> _Exercise prompt_:
The expected reply is all of the data, returned exactly.
|---|
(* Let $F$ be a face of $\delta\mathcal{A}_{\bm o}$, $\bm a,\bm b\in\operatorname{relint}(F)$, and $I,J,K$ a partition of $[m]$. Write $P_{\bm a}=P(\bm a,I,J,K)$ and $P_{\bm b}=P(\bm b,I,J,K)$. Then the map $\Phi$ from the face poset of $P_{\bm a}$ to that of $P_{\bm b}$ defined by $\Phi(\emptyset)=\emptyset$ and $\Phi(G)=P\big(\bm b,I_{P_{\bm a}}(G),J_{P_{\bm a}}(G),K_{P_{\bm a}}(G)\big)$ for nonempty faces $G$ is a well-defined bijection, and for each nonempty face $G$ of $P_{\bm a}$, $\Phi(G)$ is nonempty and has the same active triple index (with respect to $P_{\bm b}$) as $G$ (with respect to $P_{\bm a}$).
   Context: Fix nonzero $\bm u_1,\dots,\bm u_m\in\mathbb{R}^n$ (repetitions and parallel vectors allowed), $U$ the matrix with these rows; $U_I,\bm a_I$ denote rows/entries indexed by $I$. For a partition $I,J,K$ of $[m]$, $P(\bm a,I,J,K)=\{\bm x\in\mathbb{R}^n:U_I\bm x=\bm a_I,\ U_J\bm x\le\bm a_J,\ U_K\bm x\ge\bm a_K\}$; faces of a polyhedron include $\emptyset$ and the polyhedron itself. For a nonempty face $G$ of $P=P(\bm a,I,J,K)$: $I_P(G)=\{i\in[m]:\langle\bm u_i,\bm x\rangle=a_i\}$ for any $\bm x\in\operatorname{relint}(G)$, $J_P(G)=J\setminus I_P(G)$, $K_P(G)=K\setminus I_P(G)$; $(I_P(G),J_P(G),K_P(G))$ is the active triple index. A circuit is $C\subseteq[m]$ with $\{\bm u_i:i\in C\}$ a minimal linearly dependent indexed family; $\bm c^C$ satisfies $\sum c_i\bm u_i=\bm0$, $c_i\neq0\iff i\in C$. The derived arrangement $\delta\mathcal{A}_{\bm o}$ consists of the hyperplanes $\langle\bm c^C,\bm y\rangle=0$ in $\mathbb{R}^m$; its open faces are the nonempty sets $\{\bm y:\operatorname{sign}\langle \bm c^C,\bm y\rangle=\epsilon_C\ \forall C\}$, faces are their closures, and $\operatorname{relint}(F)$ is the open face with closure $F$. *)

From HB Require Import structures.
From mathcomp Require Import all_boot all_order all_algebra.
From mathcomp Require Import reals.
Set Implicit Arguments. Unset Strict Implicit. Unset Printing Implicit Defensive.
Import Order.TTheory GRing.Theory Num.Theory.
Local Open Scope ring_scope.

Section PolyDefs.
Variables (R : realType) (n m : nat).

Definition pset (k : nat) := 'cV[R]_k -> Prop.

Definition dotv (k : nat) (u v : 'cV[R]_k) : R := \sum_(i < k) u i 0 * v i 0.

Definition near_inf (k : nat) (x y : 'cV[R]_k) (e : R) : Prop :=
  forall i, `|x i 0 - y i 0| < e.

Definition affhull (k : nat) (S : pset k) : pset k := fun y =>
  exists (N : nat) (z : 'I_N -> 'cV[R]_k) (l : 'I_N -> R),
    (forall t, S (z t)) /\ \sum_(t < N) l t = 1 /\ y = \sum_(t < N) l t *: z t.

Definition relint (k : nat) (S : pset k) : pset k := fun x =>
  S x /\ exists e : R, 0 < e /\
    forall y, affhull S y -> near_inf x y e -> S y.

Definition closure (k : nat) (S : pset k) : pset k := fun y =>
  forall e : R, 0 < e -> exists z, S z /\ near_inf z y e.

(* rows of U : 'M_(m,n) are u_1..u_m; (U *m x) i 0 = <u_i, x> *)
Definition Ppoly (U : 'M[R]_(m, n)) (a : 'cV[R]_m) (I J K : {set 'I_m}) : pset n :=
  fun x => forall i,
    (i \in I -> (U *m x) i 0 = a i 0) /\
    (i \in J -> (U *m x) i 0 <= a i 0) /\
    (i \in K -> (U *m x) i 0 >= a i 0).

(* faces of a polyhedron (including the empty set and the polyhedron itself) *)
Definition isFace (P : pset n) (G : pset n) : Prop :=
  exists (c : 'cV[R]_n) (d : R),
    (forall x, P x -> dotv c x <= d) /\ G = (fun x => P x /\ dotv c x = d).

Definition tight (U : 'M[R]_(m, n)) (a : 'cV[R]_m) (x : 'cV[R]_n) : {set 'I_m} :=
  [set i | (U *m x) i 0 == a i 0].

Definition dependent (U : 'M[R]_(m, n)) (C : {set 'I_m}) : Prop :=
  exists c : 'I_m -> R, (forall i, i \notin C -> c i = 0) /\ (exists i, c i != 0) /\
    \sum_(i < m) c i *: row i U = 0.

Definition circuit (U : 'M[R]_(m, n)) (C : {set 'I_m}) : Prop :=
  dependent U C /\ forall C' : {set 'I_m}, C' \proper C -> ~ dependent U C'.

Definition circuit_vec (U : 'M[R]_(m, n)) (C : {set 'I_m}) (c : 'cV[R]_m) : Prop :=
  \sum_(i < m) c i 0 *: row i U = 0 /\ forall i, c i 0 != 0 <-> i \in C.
|---|
> _Solution to the problem_:
(* Let $F$ be a face of $\delta\mathcal{A}_{\bm o}$, $\bm a,\bm b\in\operatorname{relint}(F)$, and $I,J,K$ a partition of $[m]$. Write $P_{\bm a}=P(\bm a,I,J,K)$ and $P_{\bm b}=P(\bm b,I,J,K)$. Then the map $\Phi$ from the face poset of $P_{\bm a}$ to that of $P_{\bm b}$ defined by $\Phi(\emptyset)=\emptyset$ and $\Phi(G)=P\big(\bm b,I_{P_{\bm a}}(G),J_{P_{\bm a}}(G),K_{P_{\bm a}}(G)\big)$ for nonempty faces $G$ is a well-defined bijection, and for each nonempty face $G$ of $P_{\bm a}$, $\Phi(G)$ is nonempty and has the same active triple index (with respect to $P_{\bm b}$) as $G$ (with respect to $P_{\bm a}$).
   Context: Fix nonzero $\bm u_1,\dots,\bm u_m\in\mathbb{R}^n$ (repetitions and parallel vectors allowed), $U$ the matrix with these rows; $U_I,\bm a_I$ denote rows/entries indexed by $I$. For a partition $I,J,K$ of $[m]$, $P(\bm a,I,J,K)=\{\bm x\in\mathbb{R}^n:U_I\bm x=\bm a_I,\ U_J\bm x\le\bm a_J,\ U_K\bm x\ge\bm a_K\}$; faces of a polyhedron include $\emptyset$ and the polyhedron itself. For a nonempty face $G$ of $P=P(\bm a,I,J,K)$: $I_P(G)=\{i\in[m]:\langle\bm u_i,\bm x\rangle=a_i\}$ for any $\bm x\in\operatorname{relint}(G)$, $J_P(G)=J\setminus I_P(G)$, $K_P(G)=K\setminus I_P(G)$; $(I_P(G),J_P(G),K_P(G))$ is the active triple index. A circuit is $C\subseteq[m]$ with $\{\bm u_i:i\in C\}$ a minimal linearly dependent indexed family; $\bm c^C$ satisfies $\sum c_i\bm u_i=\bm0$, $c_i\neq0\iff i\in C$. The derived arrangement $\delta\mathcal{A}_{\bm o}$ consists of the hyperplanes $\langle\bm c^C,\bm y\rangle=0$ in $\mathbb{R}^m$; its open faces are the nonempty sets $\{\bm y:\operatorname{sign}\langle \bm c^C,\bm y\rangle=\epsilon_C\ \forall C\}$, faces are their closures, and $\operatorname{relint}(F)$ is the open face with closure $F$. *)

From HB Require Import structures.
From mathcomp Require Import all_boot all_order all_algebra.
From mathcomp Require Import reals.
Set Implicit Arguments. Unset Strict Implicit. Unset Printing Implicit Defensive.
Import Order.TTheory GRing.Theory Num.Theory.
Local Open Scope ring_scope.

Section PolyDefs.
Variables (R : realType) (n m : nat).

Definition pset (k : nat) := 'cV[R]_k -> Prop.

Definition dotv (k : nat) (u v : 'cV[R]_k) : R := \sum_(i < k) u i 0 * v i 0.

Definition near_inf (k : nat) (x y : 'cV[R]_k) (e : R) : Prop :=
  forall i, `|x i 0 - y i 0| < e.

Definition affhull (k : nat) (S : pset k) : pset k := fun y =>
  exists (N : nat) (z : 'I_N -> 'cV[R]_k) (l : 'I_N -> R),
    (forall t, S (z t)) /\ \sum_(t < N) l t = 1 /\ y = \sum_(t < N) l t *: z t.

Definition relint (k : nat) (S : pset k) : pset k := fun x =>
  S x /\ exists e : R, 0 < e /\
    forall y, affhull S y -> near_inf x y e -> S y.

Definition closure (k : nat) (S : pset k) : pset k := fun y =>
  forall e : R, 0 < e -> exists z, S z /\ near_inf z y e.

(* rows of U : 'M_(m,n) are u_1..u_m; (U *m x) i 0 = <u_i, x> *)
Definition Ppoly (U : 'M[R]_(m, n)) (a : 'cV[R]_m) (I J K : {set 'I_m}) : pset n :=
  fun x => forall i,
    (i \in I -> (U *m x) i 0 = a i 0) /\
    (i \in J -> (U *m x) i 0 <= a i 0) /\
    (i \in K -> (U *m x) i 0 >= a i 0).

(* faces of a polyhedron (including the empty set and the polyhedron itself) *)
Definition isFace (P : pset n) (G : pset n) : Prop :=
  exists (c : 'cV[R]_n) (d : R),
    (forall x, P x -> dotv c x <= d) /\ G = (fun x => P x /\ dotv c x = d).

Definition tight (U : 'M[R]_(m, n)) (a : 'cV[R]_m) (x : 'cV[R]_n) : {set 'I_m} :=
  [set i | (U *m x) i 0 == a i 0].

Definition dependent (U : 'M[R]_(m, n)) (C : {set 'I_m}) : Prop :=
  exists c : 'I_m -> R, (forall i, i \notin C -> c i = 0) /\ (exists i, c i != 0) /\
    \sum_(i < m) c i *: row i U = 0.

Definition circuit (U : 'M[R]_(m, n)) (C : {set 'I_m}) : Prop :=
  dependent U C /\ forall C' : {set 'I_m}, C' \proper C -> ~ dependent U C'.

Definition circuit_vec (U : 'M[R]_(m, n)) (C : {set 'I_m}) (c : 'cV[R]_m) : Prop :=
  \sum_(i < m) c i 0 *: row i U = 0 /\ forall i, c i 0 != 0 <-> i \in C.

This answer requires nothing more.